Figure 1 shows the distribution of comorbidities among patients who had undergone RCR surgery (n = 41). The most prevalent condition was dyslipidemia (78%), followed by hypertension (56.1%) and DM (51.2%). Both dominant arm involvement and hypothyroidism were noted in 29.3% of cases. Less common conditions included previous shoulder surgery (14.6%) and osteoarthritis (12.2%). Rare comorbidities, each present in only 2.4% of the cohort, included smoking, liver disease, and a history of cancer.
Distribution of different comorbidities in rotator cuff surgery repair patients (n = 41).
Table 2 shows the correlation between the preoperative HbA1c levels and postoperative functional improvements in patients who underwent RCR (n = 41). The correlation between preoperative HbA1c level and improvement in abduction range was statistically non-significant (r = 0.132, p = 0.455); the correlation with forward flexion was also non-significant (r = −0.082, p = 0.646). The improvement in external rotation did not correlate with preoperative HbA1c level (r = 0.292, p = 0.187), nor did time to return to work (r = 0.008, p = 0.961).
Table 3 shows the association between preoperative HbA1c levels and postoperative complications following RCR. A total of nine patients reported postoperative complications, of whom six (66.7%) had controlled HbA1c, versus three (33.3%) in the uncontrolled HbA1c group (p = 0.707). Of the patients reporting pain or stiffness, two (66.7%) had controlled and one (33.3%) had uncontrolled HbA1c (p = 1.000). Hypertrophic scars were seen in two (100%) controlled patients, with none in the uncontrolled group (p = 0.495). Cases of delayed wound healing occurred in six (66.7%) controlled and three (33.3%) uncontrolled patients (p = 0.707). Reoperation and re-tear each occurred in one (100.0%) patient with uncontrolled HbA1c. Golfer’s elbow was reported in one (100.0%) patient with controlled HbA1c. Postoperative LOS was similar across both groups (median = 1 day; IQR = 1; p = 0.889). No statistically significant associations were observed.
Table 4 shows correlations between patient comorbidities and postoperative HbA1c levels following RCR. Among the examined variables, hypertension showed a significant positive association, with these patients exhibiting 1.33% higher postoperative HbA1c on average compared to non-hypertensive patients (B = 1.327, 95% CI = 0.126-2.528, p = 0.032). Similarly, liver disease was significantly associated with elevated HbA1c, demonstrating a mean increase of 3.91% (B = 3.913, 95% CI = 1.065-6.762, p = 0.009). Other comorbidities, including BMI, smoking status, hypothyroidism, dyslipidemia, osteoarthritis, history of cancer, and previous surgery, showed no statistically significant relationships (all p > 0.05). Thus, hypertension and liver disease independently contribute to higher postoperative HbA1c levels, underscoring their clinical relevance in perioperative metabolic control.

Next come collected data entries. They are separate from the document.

Definition bot : form P := Neg (Top p0).
Definition consis G : Prop := ~ deriv G bot.
Definition mcs w : Prop := consis w /\ forall x, consis (insert w x) -> w x.

Lemma consis_insert G a : ~ deriv G (Neg a) -> consis (insert G a).
Proof.
  intros hG h. apply hG.
  apply (deriv_taut [Imp a bot]); [intros y [<-|[]]; apply deduction, h | taut].
Qed.

Lemma lindenbaum_mcs {G} : consis G -> exists w, mcs w /\ subset G w.
Proof.
  intro hG.
  assert (equiv : forall S, consis S <-> finitely (fun l => ~ thm (imps l bot)) S).
  { intro S. split.
    - intros hS l hl ht. apply hS. exists l; auto.
    - intros hS [l [hl ht]]. exact (hS l hl ht). }
  destruct (lindenbaum (proj1 (equiv G) hG)) as [w [hGw [hw hmax]]].
  exists w. split; [split|exact hGw].
  - apply equiv, hw.
  - intros x hx. apply hmax, equiv, hx.
Qed.

(* The core of w: what every successor of w will be required to contain. *)
Definition core w (psi : form P) : Prop :=
  forall chi, w (Neg (Dot chi)) -> w (Dot psi) /\ w (Dot (Or psi chi)).

Section MaximalSet.
Context {w : form P -> Prop} (Hw : mcs w).

Lemma mcs_deriv f : deriv w f -> w f.
Proof.
  intro hf. apply (proj2 Hw), consis_insert. intro hn. apply (proj1 Hw).
  apply (deriv_taut [f; Neg f]); [intros y [<-|[<-|[]]]; assumption | taut].
Qed.

Lemma mcs_taut l f : (forall x, In x l -> w x) -> tautology (imps l f) -> w f.
Proof.
  intros hl ht. apply mcs_deriv, (deriv_taut l); [|exact ht].
  intros x hx. apply deriv_mem, hl, hx.
Qed.

Lemma mcs_thm {f} : thm f -> w f.
Proof. intro h. apply mcs_deriv, deriv_thm, h. Qed.

Lemma mcs_mp a b : thm (Imp a b) -> w a -> w b.
Proof. intros h ha. apply mcs_deriv, (deriv_mp (a := a)); [apply deriv_thm, h | apply deriv_mem, ha]. Qed.

Lemma mcs_neg a : w (Neg a) <-> ~ w a.
Proof.
  split.
  - intros hn ha. apply (proj1 Hw).
    apply (deriv_taut [a; Neg a]); [intros y [<-|[<-|[]]]; apply deriv_mem; assumption | taut].
  - intro ha. apply (proj2 Hw), consis_insert. intro hnn. apply ha, mcs_deriv.
    apply (deriv_taut [Neg (Neg a)]); [intros y [<-|[]]; exact hnn | taut].
Qed.

Lemma mcs_and a b : w (And a b) <-> w a /\ w b.
Proof.
  split.
  - intro h. split; apply (mcs_taut [And a b]); try (intros y [<-|[]]; exact h); taut.
  - intros [ha hb]. apply (mcs_taut [a; b]); [intros y [<-|[<-|[]]]; assumption | taut].
Qed.

Lemma mcs_or a b : w (Or a b) -> w a \/ w b.
Proof.
  intro h. destruct (classic (w a)) as [ha|ha]; [left; exact ha | right].
  apply (mcs_taut [Or a b; Neg a]); [|taut].
  intros y [<-|[<-|[]]]; [exact h | apply mcs_neg, ha].
Qed.

Lemma dot_re {a b} : w (Dot a) -> thm (Iff a b) -> w (Dot b).
Proof. intros ha h. apply (mcs_taut [Iff (Dot a) (Dot b); Dot a]); [|taut].
  intros y [<-|[<-|[]]]; [apply mcs_thm, RE, h | exact ha]. Qed.

Lemma dot_neg a : w (Dot a) <-> w (Dot (Neg a)).
Proof.
  pose proof (mcs_thm (AxNeg a)) as hax.
  split; intro h; [apply (mcs_taut [Iff (Dot a) (Dot (Neg a)); Dot a])
                  |apply (mcs_taut [Iff (Dot a) (Dot (Neg a)); Dot (Neg a)])];
  try (intros y [<-|[<-|[]]]; assumption); taut.
Qed.

Lemma dot_and {a b} : w (Dot a) -> w (Dot b) -> w (Dot (And a b)).
Proof.
  intros ha hb. apply (mcs_taut [Imp (And (Dot a) (Dot b)) (Dot (And a b)); Dot a; Dot b]); [|taut].
  intros y [<-|[<-|[<-|[]]]]; [apply mcs_thm, AxAnd | exact ha | exact hb].
Qed.

Lemma dot_or f g h : w (Dot f) -> w (Dot (Or f g)) \/ w (Dot (Or (Neg f) h)).
Proof. intro hf. apply mcs_or, (mcs_mp (Dot f)); [apply AxOr | exact hf]. Qed.

Lemma dot_cases {a c} : w (Dot (Or a c)) -> w (Dot (Or (Neg a) c)) -> w (Dot c).
Proof. intros h1 h2. apply (dot_re (dot_and h1 h2)), AxTaut. taut. Qed.

Lemma core_intro {a chi} : w (Neg (Dot chi)) -> w (Dot a) -> w (Dot (Or a chi)) -> core w a.
Proof.
  intros hc ha hac chi' _. split; [exact ha|].
  destruct (dot_or a chi' chi ha) as [h|h]; [exact h|].
  exfalso. apply (proj1 (mcs_neg _) hc), (dot_cases hac h).
Qed.

Lemma core_mono {a b} : thm (Imp a b) -> core w a -> core w b.
Proof.
  intros hab hx chi hc. destruct (hx chi hc) as [ha hac].
  assert (hnot : ~ w (Dot (Or (Neg a) chi))).
  { intro h. apply (proj1 (mcs_neg _) hc), (dot_cases hac h). }
  split.
  - destruct (dot_or a b chi ha) as [h|h]; [|contradiction].
    apply (dot_re h), (thm_taut [Imp a b]); [intros y [<-|[]]; exact hab | taut].
  - destruct (dot_or (Or a chi) (Or b chi) chi hac) as [h|h].
    + apply (dot_re h), (thm_taut [Imp a b]); [intros y [<-|[]]; exact hab | taut].
    + exfalso. apply hnot, (dot_re h), AxTaut. taut.
Qed.

Lemma core_and {a b} : core w a -> core w b -> core w (And a b).
Proof.
  intros ha hb chi hc. destruct (ha chi hc) as [h1 h2], (hb chi hc) as [h3 h4].
  split; [apply dot_and; assumption|].
  apply (dot_re (dot_and h2 h4)), AxTaut. taut.
Qed.

Lemma core_thm {f} : thm f -> core w f.
Proof.
  intros hf chi _. pose proof (mcs_thm (AxTop p0)) as htop.
  split; apply (dot_re htop), (thm_taut [f]); try (intros y [<-|[]]; exact hf); taut.
Qed.

Lemma core_mp {a b} : core w (Imp a b) -> core w a -> core w b.
Proof. intros hab ha. apply (core_mono (a := And (Imp a b) a)); [apply AxTaut; taut | apply core_and; assumption]. Qed.

Lemma core_deriv {f} : deriv (core w) f -> core w f.
Proof.
  intros [l [hl ht]]. apply core_thm in ht. revert f ht.
  induction l as [|a l IH]; intros f ht; [exact ht|].
  apply IH; [intros x hx; apply hl; right; exact hx|].
  apply (core_mp ht), hl. left; reflexivity.
Qed.

End MaximalSet.

Definition succ w t : Prop := (exists chi, w (Neg (Dot chi))) /\ subset (core w) t.

Lemma succ_agree {w t u a} : mcs w -> mcs t -> mcs u -> w (Dot a) ->
  succ w t -> succ w u -> (t a <-> u a).
Proof.
  intros Hw Ht Hu hd [[chi hc] ht] [_ hu].
  destruct (dot_or Hw a chi chi hd) as [h|h].
  - pose proof (core_intro Hw hc hd h) as hcore. split; intros _; [apply hu | apply ht]; exact hcore.
  - pose proof (core_intro Hw hc (proj1 (dot_neg Hw a) hd) h) as hcore.
    pose proof (proj1 (mcs_neg Ht a) (ht _ hcore)). pose proof (proj1 (mcs_neg Hu a) (hu _ hcore)).
    tauto.
Qed.

Lemma succ_disagree {w a} : mcs w -> ~ w (Dot a) ->
  exists t u, mcs t /\ mcs u /\ succ w t /\ succ w u /\ t a /\ ~ u a.
Proof.
  intros Hw hd. assert (hna : w (Neg (Dot a))) by (apply (mcs_neg Hw), hd).
  assert (hpos : consis (insert (core w) a)).
  { apply consis_insert. intro h. apply hd, (dot_neg Hw).
    exact (proj1 (core_deriv Hw h a hna)). }
  assert (hneg : consis (insert (core w) (Neg a))).
  { apply consis_insert. intro h. apply hd.
    refine (proj1 (core_mono Hw (a := Neg (Neg a)) _ (core_deriv Hw h) a hna)).
    apply AxTaut. taut. }
  destruct (lindenbaum_mcs hpos) as [t [Ht st]], (lindenbaum_mcs hneg) as [u [Hu su]].
  assert (rt : succ w t) by (split; [exists a; exact hna | intros psi hp; apply st; left; exact hp]).
  assert (ru : succ w u) by (split; [exists a; exact hna | intros psi hp; apply su; left; exact hp]).
  exists t, u. do 4 (split; [assumption|]). split.
  - apply st; right; reflexivity.
  - apply (mcs_neg Hu), su. right; reflexivity.
Qed.

Definition canonical : model P :=
  {| st := {w : form P -> Prop | mcs w};
     R1 := fun s t => succ (proj1_sig s) (proj1_sig t);
     R2 := fun s t => succ (proj1_sig s) (proj1_sig t);
     V := fun p s => proj1_sig s (Atom p) |}.

Lemma truth f (s : st canonical) : sat canonical s f <-> proj1_sig s f.
Proof.
  revert s. induction f as [p|a IH|a IHa b IHb|a IH]; intros [w Hw]; simpl.
  - reflexivity.
  - rewrite (IH (exist _ w Hw)), (mcs_neg Hw a). reflexivity.
  - rewrite (IHa (exist _ w Hw)), (IHb (exist _ w Hw)), (mcs_and Hw a b). reflexivity.
  - split.
    + intro hsat. apply NNPP; intro hd.
      destruct (succ_disagree Hw hd) as [t [u [Ht [Hu [rt [ru [ta ua]]]]]]].
      specialize (hsat (exist _ t Ht) (exist _ u Hu) rt ru).
      rewrite (IH (exist _ t Ht)), (IH (exist _ u Hu)) in hsat. tauto.
    + intros hd [t Ht] [u Hu] rt ru.
      rewrite (IH (exist _ t Ht)), (IH (exist _ u Hu)).
      exact (succ_agree Hw Ht Hu hd rt ru).
Qed.

End Maximal.

Section Soundness.
Context {P : Type} {M : model P}.
Implicit Types (f g h a b : form P) (s : st M).

Lemma sat_imp s a b : sat M s (Imp a b) <-> (sat M s a -> sat M s b).
Proof. simpl. split; [intros hn ha; apply NNPP; intro hb; auto | intros hab [ha hb]; auto]. Qed.

Lemma sat_or s a b : sat M s (Or a b) <-> sat M s a \/ sat M s b.
Proof. simpl. destruct (classic (sat M s a)), (classic (sat M s b)); tauto. Qed.

Lemma sat_iff s a b : sat M s (Iff a b) <-> (sat M s a <-> sat M s b).
Proof.
  change (sat M s (Imp a b) /\ sat M s (Imp b a) <-> (sat M s a <-> sat M s b)).
  rewrite !sat_imp. tauto.
Qed.

(* Truth at a state is a Boolean valuation, so tautologies are valid. *)
Definition truth_val s f : bool :=
  if excluded_middle_informative (sat M s f) then true else false.

Lemma peval_truth_val s f : peval (truth_val s) f = true <-> sat M s f.
Proof.
  induction f as [p|a IH|a IHa b IHb|a]; simpl;
    try (unfold truth_val; destruct excluded_middle_informative; intuition congruence).
  - rewrite <- IH. destruct (peval (truth_val s) a); simpl; intuition congruence.
  - rewrite andb_true_iff, IHa, IHb. reflexivity.
Qed.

Table 5 shows the impact of different comorbidities on perioperative changes in HbA1c among patients undergoing RCR. Patients with hypertension showed a slight mean increase in HbA1c (+0.11), compared to a mild decrease in non-hypertensive patients (-0.06; p = 0.290). Similarly, dyslipidemia was associated with a small rise (+0.07), while non-dyslipidemic patients showed a slight decline (-0.07; p = 0.479). Hypothyroidism produced a modest increase (+0.20) versus a minor reduction (-0.03) in euthyroid patients (p = 0.171). In contrast, those who had undergone previous surgeries experienced a reduction in HbA1c (-0.18) compared to an increase (+0.07) in patients without (p = 0.237). Osteoarthritis was linked to a marginal rise (+0.18) versus stability (-0.01) in unaffected patients (p = 0.435).
Discussion
This retrospective study aimed to assess whether preoperative HbA1c levels influence postoperative outcomes in RCR patients treated at a tertiary care center. The main finding was that preoperative HbA1c showed no correlation with functional improvements in abduction, forward flexion, external rotation, or return to work. A study by Sambandam et al. (2015) showed that rotator cuff tears are a common cause of shoulder dysfunction, often requiring surgical repair [14]. Vartanian et al. (2025) showed that RCR surgery generally improves function, outcomes such as ROM, and the occurrence of postoperative complications vary, especially in patients with comorbidities such as DM and hypertension [15]. Poor glycemic control is reflected by elevated HbA1c (>7%) and may impair tendon healing and increase rates of complications. However, the existing evidence on the impact of HbA1c on RCR outcomes is inconclusive, particularly in Middle Eastern populations where the prevalence of DM is very high.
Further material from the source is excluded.